> _Task data_
· · · · ·

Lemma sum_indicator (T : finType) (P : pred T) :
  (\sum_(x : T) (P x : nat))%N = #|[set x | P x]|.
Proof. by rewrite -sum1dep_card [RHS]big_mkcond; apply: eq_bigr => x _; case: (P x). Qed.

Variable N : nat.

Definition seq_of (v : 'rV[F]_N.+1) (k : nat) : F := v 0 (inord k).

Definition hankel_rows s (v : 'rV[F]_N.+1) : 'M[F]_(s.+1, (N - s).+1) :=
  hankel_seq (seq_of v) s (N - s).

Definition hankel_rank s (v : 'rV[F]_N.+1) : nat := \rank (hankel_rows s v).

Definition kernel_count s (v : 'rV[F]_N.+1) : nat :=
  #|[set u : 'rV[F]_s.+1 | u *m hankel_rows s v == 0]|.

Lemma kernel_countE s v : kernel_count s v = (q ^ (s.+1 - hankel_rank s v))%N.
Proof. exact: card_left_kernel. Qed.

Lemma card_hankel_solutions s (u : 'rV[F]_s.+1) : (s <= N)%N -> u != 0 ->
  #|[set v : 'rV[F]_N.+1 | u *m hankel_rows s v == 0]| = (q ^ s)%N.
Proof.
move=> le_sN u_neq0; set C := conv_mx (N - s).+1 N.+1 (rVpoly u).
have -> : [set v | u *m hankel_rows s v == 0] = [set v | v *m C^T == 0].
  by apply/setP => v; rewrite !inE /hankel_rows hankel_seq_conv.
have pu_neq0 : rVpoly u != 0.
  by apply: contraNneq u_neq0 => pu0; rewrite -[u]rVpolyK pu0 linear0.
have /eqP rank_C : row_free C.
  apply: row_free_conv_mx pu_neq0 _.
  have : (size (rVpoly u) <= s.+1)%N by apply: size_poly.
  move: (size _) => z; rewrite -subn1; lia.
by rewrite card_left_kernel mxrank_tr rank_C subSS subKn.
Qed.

· · · · ·

> _Action item_
Your reply should be one number: how many lines in the listing hold the word "Proof".

> _Finished exercise_
3